■ Task objective: From the data underneath, reproduce exactly the stretch that begins at the line with "Import ListNotations." and ends after the line with "every left translation".

■ Given information:

(* Let $Q$ be a commutative automorphic loop of nilpotency class $3$, let $x,y\in Q$, and set $u_1=(x,x,y)$, $u_2=(x,y,y)$, $z_2=(x,x,u_2)$, $z_3=(x,y,u_1)$, $z_4=(x,y,u_2)$, $z_5=(y,x,u_1)$, $z_6=(y,x,u_2)$, $z_7=(y,y,u_1)$. Then $z_2=z_3=z_5$ and $z_4=z_6=z_7$.
   Context: A loop is a set with a binary operation such that all left and right translations $L_a:b\mapsto ab$, $R_a:b\mapsto ba$ are bijections and there is a two-sided identity $1$. The inner mapping group is the stabilizer of $1$ in the group generated by all translations; $Q$ is automorphic if all inner mappings are automorphisms. The associator $(a,b,c)$ is defined by $(ab)c=(a(bc))(a,b,c)$. The center $Z(Q)$ is the set of elements fixed by all inner mappings; $Z_0=1$, $Z_{i+1}(Q)$ is the preimage of $Z(Q/Z_i(Q))$, and $Q$ has nilpotency class $n$ if $Z_{n-1}(Q)\neq Q=Z_n(Q)$. *)

From Stdlib Require Import List.
Import ListNotations.
Set Implicit Arguments.

(* A loop in the signature ( mul, ldiv, rdiv, 1 ): the equations below say exactly that
   every left translation L_a : b |-> a*b and right translation R_a : b |-> b*a
   is a bijection (with inverses b |-> a\b and b |-> b/a), and 1 is a
   two-sided identity. *)
Record loop := Loop {
  carrier :> Type;
  mul : carrier -> carrier -> carrier;
  ldiv : carrier -> carrier -> carrier;
  rdiv : carrier -> carrier -> carrier;
  one : carrier;
  mul_ldiv : forall a b, mul a (ldiv a b) = b;
  ldiv_mul : forall a b, ldiv a (mul a b) = b;
  rdiv_mul : forall a b, mul (rdiv b a) a = b;
  mul_rdiv : forall a b, rdiv (mul b a) a = b;
  mul1l : forall a, mul one a = a;
  mul1r : forall a, mul a one = a
}.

■ Response to the task:
Import ListNotations.
Set Implicit Arguments.

(* A loop in the signature ( mul, ldiv, rdiv, 1 ): the equations below say exactly that
   every left translation L_a : b |-> a*b and right translation R_a : b |-> b*a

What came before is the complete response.